Wednesday, January 29, 2020

A Pop Of Tradition

Everyone is always proud of their heritage, including their culinary one. What better way to celebrate and enlighten the community  than with a restaurant highlighting different recipes and ingredients. It's happening - but with pop up eateries in dining rooms, formal and not so formal across the New York City area.It's a way of getting the flavor out there but without the high operating costs.

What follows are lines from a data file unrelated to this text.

Definition ket n (i : 'I_n) : 'cV[C]_n := delta_mx i 0.

Record strategy (N d : nat) := Strategy {
  st_p   : 'I_N -> C;
  st_chi : 'cV[C]_d;
  st_U   : 'M[C]_d;
  st_Pi0 : 'M[C]_(N * d);
  st_Pi1 : 'M[C]_(N * d)
}.

Definition valid_strategy N d (S : strategy N d) : Prop :=
  [/\ (forall i, 0 <= st_p S i) /\ \sum_i st_p S i = 1,
      (dagger (st_chi S) *m st_chi S) 0 0 = 1,
      st_U S \is unitarymx,
      psdmx (st_Pi0 S) /\ psdmx (st_Pi1 S)
    & st_Pi0 S + st_Pi1 S = 1%:M].

Definition st_psi N d (S : strategy N d) : 'cV[C]_(N * d) :=
  \sum_i sqrtC (st_p S i) *: tensmx (ket i) (st_chi S).

Definition st_Ux N d (S : strategy N d) (x : 'I_N -> bool) : 'M[C]_(N * d) :=
  \sum_i tensmx (ket i *m dagger (ket i)) (st_U S ^+ x i).

Definition behavior N d (S : strategy N d) (a : bool) (x : 'I_N -> bool) : C :=
  (dagger (st_psi S) *m dagger (st_Ux S x) *m (if a then st_Pi1 S else st_Pi0 S)
     *m st_Ux S x *m st_psi S) 0 0.

Definition x0 N : 'I_N -> bool := fun _ => false.
Definition ek N (k : 'I_N) : 'I_N -> bool := fun j => j == k.

Definition violation N d (S : strategy N d) : C :=
  (N.+1%:R)^-1 * behavior S false (@x0 N)
  + (N.+1%:R)^-1 * \sum_k behavior S true (ek k)
  - N%:R / N.+1%:R.

Definition deltaN (N : nat) : C :=
  ((N.+1%:R) * (N%:R ^+ 2 - 3 * N%:R + 1))^-1.

End Fingerprinting.

From HB Require Import structures.
From mathcomp Require Import all_boot all_order all_algebra.
From mathcomp Require Import mxtens ring.
Import Order.TTheory GRing.Theory Num.Theory.
Local Open Scope ring_scope.
Set Implicit Arguments. Unset Strict Implicit. Unset Printing Implicit Defensive.

(* Write q(v) = <v|Pi_0|v>, psi for the input state, F_k = U_{e_k} psi and
   b = U_{1...1} psi. Normalisation of the U_x psi and Pi_1 = 1 - Pi_0 give
   (N+1) violation = q(psi) - sum_k q(F_k), and sum_k F_k = (N-1) psi + b.
   Convexity of the positive form q gives sum_k q(F_k) >= q((N-1) psi + b)/N,
   and with m = N^2 - 3N + 1 one has the exact identity
     q(psi) - q((N-1) psi + b)/N = q(b)/m - q(m psi + (N-1) b)/(N m),
   which is at most q(b)/m <= 1/m because Pi_0 <= 1.
   All three inequalities are tight in dimension 2 for Pi_0 = |b><b| and a real
   rotation U with <chi|U|chi> = -(N-1)/m: then m psi + (N-1) b is orthogonal
   to b. Such a rotation exists iff N - 1 <= m, i.e. N >= 4. *)

Section Matrices.
Variable C : numClosedFieldType.
Implicit Types m n p q : nat.

Lemma daggerD m n (A B : 'M[C]_(m, n)) : dagger (A + B) = dagger A + dagger B.
Proof. by apply/matrixP=> i j; rewrite !mxE rmorphD. Qed.

Lemma daggerB m n (A B : 'M[C]_(m, n)) : dagger (A - B) = dagger A - dagger B.
Proof. by apply/matrixP=> i j; rewrite !mxE rmorphB. Qed.

Lemma daggerZ m n (a : C) (A : 'M[C]_(m, n)) : dagger (a *: A) = a^* *: dagger A.
Proof. by apply/matrixP=> i j; rewrite !mxE rmorphM. Qed.

Lemma dagger_sum m n (I : finType) (F : I -> 'M[C]_(m, n)) :
  dagger (\sum_i F i) = \sum_i dagger (F i).
Proof.
apply/matrixP=> i j; rewrite !mxE !summxE rmorph_sum.
by apply: eq_bigr => k _; rewrite !mxE.
Qed.

Lemma daggerM m n p (A : 'M[C]_(m, n)) (B : 'M[C]_(n, p)) :
  dagger (A *m B) = dagger B *m dagger A.
Proof. by rewrite /dagger map_mxM trmx_mul. Qed.

Lemma daggerK m n (A : 'M[C]_(m, n)) : dagger (dagger A) = A.
Proof. by apply/matrixP=> i j; rewrite !mxE conjCK. Qed.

Regular contributor Amelia Nierenberg wrote about this growing trend in today's New York Times Food section.Home chefs literally - from all backgrounds are discovering their culinary roots and sharing them for a price. It's a fun way to connect with other of the same background along with introducing others to new dishes and tastes. These are happening in not just dining rooms  but also in dorm rooms and even barns. It's not a new phenomena. They have roots in 20th Century supper clubs, the food trucks where where laborers bought their lunches and homes where civil rights leaders were fed. The Great Recession of 2008 closed many restaurants, leaving their chefs turning to pop ups to remain solvent.This new breed is charging for them, however the pop ups are not money makers. Most advertise on Instagram and and sell tickets on line. The food offered reflect  different heritages. There is Trinidadian and Cambodian, Columbian and African-American cuisines. There is also pop up restaurants  featuring the foods of Congo and Venezuela.

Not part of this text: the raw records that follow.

(* Assume $\rho\in(\frac14,\frac12)$. Then, as $h\to0_+$, \[ \lambda_1(\mathcal H_h)=-1-h^{1/2}-\frac12h+o(h). \]
   Context: For $h\in(0,1)$ with $h^{\frac12-\rho}<\frac13$, let $\delta=h^{\rho-\frac12}$. $\mathcal H_h$ is the self-adjoint operator in the weighted space $L^2((0,\delta);(1-h^{1/2}\tau)d\tau)$ associated with the closed quadratic form \[ q_h(u)=\int_0^\delta|u'(\tau)|^2(1-h^{1/2}\tau)\,d\tau-|u(0)|^2 \] on $\{u\in H^1((0,\delta)):u(\delta)=0\}$; it acts as $-\frac{d^2}{d\tau^2}+\frac{h^{1/2}}{1-h^{1/2}\tau}\frac{d}{d\tau}$ with domain $\{u\in H^2((0,\delta)):u'(0)=-u(0),\ u(\delta)=0\}$. $\lambda_1(\mathcal H_h)$ is its lowest eigenvalue. *)

From Stdlib Require Import Reals Lra.
Open Scope R_scope.

Definition delta (h rho : R) : R := Rpower h (rho - 1/2).

Definition is_eigenfunction (h rho lam : R) (u u1 u2 : R -> R) : Prop :=
  (forall x, 0 <= x <= delta h rho -> derivable_pt_lim u x (u1 x)) /\
  (forall x, 0 <= x <= delta h rho -> derivable_pt_lim u1 x (u2 x)) /\
  u1 0 = - u 0 /\
  u (delta h rho) = 0 /\
  (forall x, 0 <= x <= delta h rho ->
     - u2 x + sqrt h / (1 - sqrt h * x) * u1 x = lam * u x) /\
  (exists x, 0 <= x <= delta h rho /\ u x <> 0).

Definition is_eigenvalue (h rho lam : R) : Prop :=
  exists u u1 u2 : R -> R, is_eigenfunction h rho lam u u1 u2.

Definition is_lowest_eigenvalue (h rho lam : R) : Prop :=
  is_eigenvalue h rho lam /\ (forall mu, is_eigenvalue h rho mu -> lam <= mu).

(* Write [s = sqrt h], [d = delta h rho] and [lam = -4 s^2 k].  The substitution
   [w = k (1 - s x)^2] turns [- u'' + s / (1 - s x) u' = lam u] into the modified
   Bessel equation [w f'' + f' = f], solved by the entire series [P(w) = I_0(2 sqrt w)]
   and by [Q(w) - ln (1 - s x) P(w)].  Their combination [u_k] vanishing at [d] is
   positive on [[0, d)]; hence, by Sturm comparison, [lam] is the lowest eigenvalue as
   soon as [u_k] satisfies the Robin condition, i.e. its Robin defect [u_k(0) + u_k'(0)]
   vanishes.  Comparing [u_k] with the quasimodes [e^(-x) (1 + a x + s^2 x^2 / 4)]
   through the weighted Wronskian [(1 - s x) (phi' u - phi u')] shows that the defect
   changes sign between [lam = -1 - s - s^2/2 -+ eps s^2] once [h] is small, and the
   intermediate value theorem yields the root.  Smallness of the quasimode residual
   needs [s d^2 = h^(2 rho - 1/2) -> 0], which is where [rho > 1/4] enters. *)

From Stdlib Require Import Reals Lra Lia Psatz.
From Coquelicot Require Import Coquelicot.
Open Scope R_scope.
Set Bullet Behavior "Strict Subproofs".

(** * Power series solutions of [w f'' + f' = f] *)

Lemma INR_S_ge1 n : 1 <= INR (S n).
Proof. rewrite S_INR; pose proof (pos_INR n); lra. Qed.

Lemma CV_radius_infinite_of_ratio (a : nat -> R) (C : R) :
  (forall n, 0 < a n) -> (forall n, a (S n) <= a n * (C / INR (S n))) ->
  CV_radius a = p_infty.
Proof.
  intros Hpos Hratio.
  apply CV_radius_infinite_DAlembert.
  - intro n; pose proof (Hpos n); lra.
  - apply is_lim_seq_le_le with (u := fun _ => 0) (w := fun n => C * / INR (S n)).
    + intro n. pose proof (Hpos n). pose proof (Hpos (S n)).
      pose proof (Hratio n). pose proof (INR_S_ge1 n).
      rewrite Rabs_pos_eq by (apply Rlt_le, Rdiv_lt_0_compat; lra).
      split; [apply Rlt_le, Rdiv_lt_0_compat; lra |].
      apply Rmult_le_reg_r with (a n); [lra |].
      unfold Rdiv in *. rewrite Rmult_assoc, Rinv_l, Rmult_1_r by lra. lra.
    + apply is_lim_seq_const.
    + replace 0 with (C * 0) by ring.
      apply (is_lim_seq_scal_l _ C 0), (is_lim_seq_incr_1 (fun n => / INR n)).
      apply (is_lim_seq_inv INR p_infty is_lim_seq_INR). discriminate.
Qed.

(* [bessel_coef n = 1 / (n!)^2] and [harmonic_coef n = H_n / (n!)^2], with [H_n]
   the harmonic numbers; the recursions are the ones forced by the ODEs
   [bessel_P_ode] and [bessel_Q_ode]. *)
Fixpoint bessel_coef (n : nat) : R :=
  match n with
  | O => 1
  | S m => bessel_coef m / (INR (S m) * INR (S m))
  end.

Fixpoint harmonic_coef (n : nat) : R :=
  match n with
  | O => 0
  | S m => (harmonic_coef m + INR (S m) * bessel_coef (S m)) / (INR (S m) * INR (S m))
  end.

Lemma bessel_coef_S n : bessel_coef (S n) = bessel_coef n / (INR (S n) * INR (S n)).
Proof. reflexivity. Qed.

Lemma harmonic_coef_S n : harmonic_coef (S n) =
  (harmonic_coef n + INR (S n) * bessel_coef (S n)) / (INR (S n) * INR (S n)).
Proof. reflexivity. Qed.

Lemma bessel_coef_pos n : 0 < bessel_coef n.
Proof.
  induction n as [|n IH]; [simpl; lra |]. rewrite bessel_coef_S.
  pose proof (INR_S_ge1 n). apply Rdiv_lt_0_compat; nra.
Qed.

Lemma bessel_coef_le_harmonic_coef n : (1 <= n)%nat -> bessel_coef n <= harmonic_coef n.
Proof.
  induction n as [|n IH]; intros Hn; [lia |].
  destruct n as [|n]; [simpl; lra |].
  specialize (IH ltac:(lia)).
  rewrite harmonic_coef_S, (bessel_coef_S (S n)) at 1.
  pose proof (bessel_coef_pos (S (S n))). pose proof (INR_S_ge1 (S n)).
  apply Rmult_le_compat_r; [apply Rlt_le, Rinv_0_lt_compat; nra |].
  pose proof (bessel_coef_pos (S n)). nra.
Qed.

Lemma harmonic_coef_ratio n : (1 <= n)%nat ->
  harmonic_coef (S n) <= harmonic_coef n * (2 / INR (S n)).
Proof.
  intros Hn. pose proof (bessel_coef_le_harmonic_coef n Hn) as Hle.
  pose proof (bessel_coef_pos n). pose proof (INR_S_ge1 n).
  rewrite harmonic_coef_S, bessel_coef_S.
  set (m := INR (S n)) in *.
  replace ((harmonic_coef n + m * (bessel_coef n / (m * m))) / (m * m))
    with ((harmonic_coef n + bessel_coef n / m) / (m * m)) by (field; lra).
  apply Rmult_le_reg_r with (m * m); [nra |].
  replace ((harmonic_coef n + bessel_coef n / m) / (m * m) * (m * m))
    with (harmonic_coef n + bessel_coef n / m) by (field; lra).
  replace (harmonic_coef n * (2 / m) * (m * m)) with (2 * m * harmonic_coef n) by (field; lra).
  assert (bessel_coef n / m <= bessel_coef n).
  { apply Rmult_le_reg_r with m; [lra |]. unfold Rdiv. rewrite Rmult_assoc, Rinv_l by lra. nra. }
  nra.
Qed.

Lemma CV_radius_bessel_coef : CV_radius bessel_coef = p_infty.
Proof.
  apply CV_radius_infinite_of_ratio with 1; [exact bessel_coef_pos |].
  intro n. rewrite bessel_coef_S. pose proof (bessel_coef_pos n). pose proof (INR_S_ge1 n).
  replace (bessel_coef n / (INR (S n) * INR (S n)))
    with (bessel_coef n * (1 / INR (S n)) * / INR (S n)) by (field; lra).
  rewrite <- (Rmult_1_r (bessel_coef n * (1 / INR (S n)))) at 2.
  apply Rmult_le_compat_l; [apply Rmult_le_pos, Rlt_le, Rdiv_lt_0_compat; lra |].
  rewrite <- Rinv_1. apply Rinv_le_contravar; lra.
Qed.

Lemma CV_radius_harmonic_coef : CV_radius harmonic_coef = p_infty.
Proof.
  rewrite <- (CV_radius_ext (PS_incr_1 (fun n => harmonic_coef (S n))))
    by (intros [|n]; reflexivity).
  rewrite CV_radius_incr_1.
  apply CV_radius_infinite_of_ratio with 2.
  - intro n. pose proof (bessel_coef_pos (S n)).
    pose proof (bessel_coef_le_harmonic_coef (S n) ltac:(lia)). lra.
  - intro n. eapply Rle_trans; [apply harmonic_coef_ratio; lia |].
    apply Rmult_le_compat_l.
    + pose proof (bessel_coef_pos (S n)).
      pose proof (bessel_coef_le_harmonic_coef (S n) ltac:(lia)). lra.
    + pose proof (INR_S_ge1 n). unfold Rdiv. apply Rmult_le_compat_l; [lra |].
      apply Rinv_le_contravar; [lra | rewrite (S_INR (S n)); lra].
Qed.

Lemma is_derive_PSeries_entire (a : nat -> R) x : CV_radius a = p_infty ->
  is_derive (PSeries a) x (PSeries (PS_derive a) x).
Proof. intro Ha. apply is_derive_PSeries. rewrite Ha. exact I. Qed.

Lemma ex_pseries_entire (a : nat -> R) x : CV_radius a = p_infty -> ex_pseries a x.
Proof. intro Ha. apply CV_radius_inside. rewrite Ha. exact I. Qed.

Definition bessel_P (w : R) : R := PSeries bessel_coef w.
Definition bessel_P' (w : R) : R := PSeries (PS_derive bessel_coef) w.
Definition bessel_P'' (w : R) : R := PSeries (PS_derive (PS_derive bessel_coef)) w.
Definition bessel_Q (w : R) : R := PSeries harmonic_coef w.
Definition bessel_Q' (w : R) : R := PSeries (PS_derive harmonic_coef) w.
Definition bessel_Q'' (w : R) : R := PSeries (PS_derive (PS_derive harmonic_coef)) w.

Lemma CV_radius_bessel_coef' : CV_radius (PS_derive bessel_coef) = p_infty.
Proof. rewrite CV_radius_derive. exact CV_radius_bessel_coef. Qed.

Lemma CV_radius_bessel_coef'' : CV_radius (PS_derive (PS_derive bessel_coef)) = p_infty.
Proof. rewrite CV_radius_derive. exact CV_radius_bessel_coef'. Qed.

Lemma CV_radius_harmonic_coef' : CV_radius (PS_derive harmonic_coef) = p_infty.
Proof. rewrite CV_radius_derive. exact CV_radius_harmonic_coef. Qed.

Lemma CV_radius_harmonic_coef'' : CV_radius (PS_derive (PS_derive harmonic_coef)) = p_infty.
Proof. rewrite CV_radius_derive. exact CV_radius_harmonic_coef'. Qed.

Lemma is_derive_bessel_P w : is_derive bessel_P w (bessel_P' w).
Proof. exact (is_derive_PSeries_entire _ w CV_radius_bessel_coef). Qed.

Lemma is_derive_bessel_P' w : is_derive bessel_P' w (bessel_P'' w).
Proof. exact (is_derive_PSeries_entire _ w CV_radius_bessel_coef'). Qed.

Lemma is_derive_bessel_Q w : is_derive bessel_Q w (bessel_Q' w).
Proof. exact (is_derive_PSeries_entire _ w CV_radius_harmonic_coef). Qed.

Lemma is_derive_bessel_Q' w : is_derive bessel_Q' w (bessel_Q'' w).
Proof. exact (is_derive_PSeries_entire _ w CV_radius_harmonic_coef'). Qed.

Lemma bessel_P_ode w : w * bessel_P'' w + bessel_P' w = bessel_P w.
Proof.
  unfold bessel_P'', bessel_P', bessel_P.
  rewrite <- PSeries_incr_1, <- PSeries_plus.
  2: apply ex_pseries_incr_1, ex_pseries_entire, CV_radius_bessel_coef''.
  2: apply ex_pseries_entire, CV_radius_bessel_coef'.
  apply PSeries_ext. intros [|n]; unfold PS_plus, PS_incr_1, PS_derive.
  - rewrite plus_zero_l. simpl. field.
  - change plus with Rplus. rewrite (bessel_coef_S (S n)).
    pose proof (INR_S_ge1 (S n)). rewrite (S_INR (S n)) in *. field. lra.
Qed.

Lemma bessel_Q_ode w : w * bessel_Q'' w + bessel_Q' w = bessel_Q w + bessel_P' w.
Proof.
  unfold bessel_Q'', bessel_Q', bessel_Q, bessel_P'.
  rewrite <- PSeries_incr_1, <- !PSeries_plus.
  2: apply ex_pseries_entire, CV_radius_harmonic_coef.
  2: apply ex_pseries_entire, CV_radius_bessel_coef'.
  2: apply ex_pseries_incr_1, ex_pseries_entire, CV_radius_harmonic_coef''.
  2: apply ex_pseries_entire, CV_radius_harmonic_coef'.
  apply PSeries_ext. intros [|n]; unfold PS_plus, PS_incr_1, PS_derive.
  - rewrite plus_zero_l. change plus with Rplus. simpl. field.
  - change plus with Rplus. rewrite (harmonic_coef_S (S n)).
    pose proof (INR_S_ge1 (S n)). rewrite (S_INR (S n)) in *. field. lra.
Qed.

Lemma bessel_P_0 : bessel_P 0 = 1.
Proof. unfold bessel_P. rewrite PSeries_0. reflexivity. Qed.

Lemma bessel_P_ge1 w : 0 <= w -> 1 <= bessel_P w.
Proof.
  intros Hw. unfold bessel_P.
  rewrite PSeries_decr_1 by (apply ex_pseries_entire, CV_radius_bessel_coef).
  assert (0 <= PSeries (PS_decr_1 bessel_coef) w).
  { rewrite <- (PSeries_const_0 w). apply Series_le.
    - intro n. rewrite Rmult_0_l. split; [lra |].
      apply Rmult_le_pos; [apply Rlt_le, bessel_coef_pos | apply pow_le; lra].
    - destruct (ex_pseries_entire (PS_decr_1 bessel_coef) w) as [l Hl].
      { rewrite CV_radius_decr_1. exact CV_radius_bessel_coef. }
      exists l. eapply is_series_ext; [| exact Hl]. intro n.
      unfold scal; simpl. rewrite pow_n_pow. change mult with Rmult. ring. }
  simpl. nra.
Qed.

Lemma is_derive_unique_eta (f : R -> R) x l :
  is_derive f x l -> Derive (fun t => f t) x = l.
Proof. apply is_derive_unique. Qed.

Ltac bessel_derive :=
  auto_derive;
  repeat match goal with
  | |- True => exact I
  | |- _ /\ _ => split
  | |- ex_derive (fun t => bessel_P t) ?y => exact (ex_intro _ _ (is_derive_bessel_P y))
  | |- ex_derive (fun t => bessel_P' t) ?y => exact (ex_intro _ _ (is_derive_bessel_P' y))
  | |- ex_derive (fun t => bessel_Q t) ?y => exact (ex_intro _ _ (is_derive_bessel_Q y))
  | |- ex_derive (fun t => bessel_Q' t) ?y => exact (ex_intro _ _ (is_derive_bessel_Q' y))
  | |- context [Derive (fun t => bessel_P t) ?y] =>
      rewrite (is_derive_unique_eta _ _ _ (is_derive_bessel_P y))
  | |- context [Derive (fun t => bessel_P' t) ?y] =>
      rewrite (is_derive_unique_eta _ _ _ (is_derive_bessel_P' y))
  | |- context [Derive (fun t => bessel_Q t) ?y] =>
      rewrite (is_derive_unique_eta _ _ _ (is_derive_bessel_Q y))
  | |- context [Derive (fun t => bessel_Q' t) ?y] =>
      rewrite (is_derive_unique_eta _ _ _ (is_derive_bessel_Q' y))
  end.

Some chefs such as Leigh-Ann Martin went to Trinidad, not just to escape the New York winters but also reconnect with her Trinidadian culinary history. She also visited other islands such as Grenada and Barbados, bringing their recipes to her Union City, New Jersey apartment.From there she created Table For Four, an $85 dining experience.One dinner was beach side themed, with fruit sellers and even soccer games. On a closer to home theme, Omar Tate creates an American meal with six courses with a nod to Philadelphia where he was raised and North Carolina. There was one dish, chicken croquettes with rose hip jelly which is what black caterers and chefs served to their white clients. For a more exotic fare there is Stephanie Bonnin's Le Tropi in Brooklyn. A trained chef, she recently drew on flavors from Colombian's Pacific Coast. There was shrimp with encocado, a coconut sauce. Cambodian food is made at the pop up Kreung run by mother and daughter Kim Eng Mann and  Chincayriya Un in Rhode Island and the Catskills. Linda A. Sebisaho brings her native Congolese cooking in Linda A.Cooks where there are such dishes as chikwangue, a fermented cassava paste along with sakasaka,a stew made from the cassava leaves that also has catfish and grilled goat.  For those who love Venezuelan cuisine, then book a small table at Mercedes Golip's pop up where you can get ham stuffed bread and tamales.

Pop up restaurants are a great way of introducing your heritage to the community. It brings chefs closer to their past and sets their futures. They also bring good and different cuisines to food lovers all over.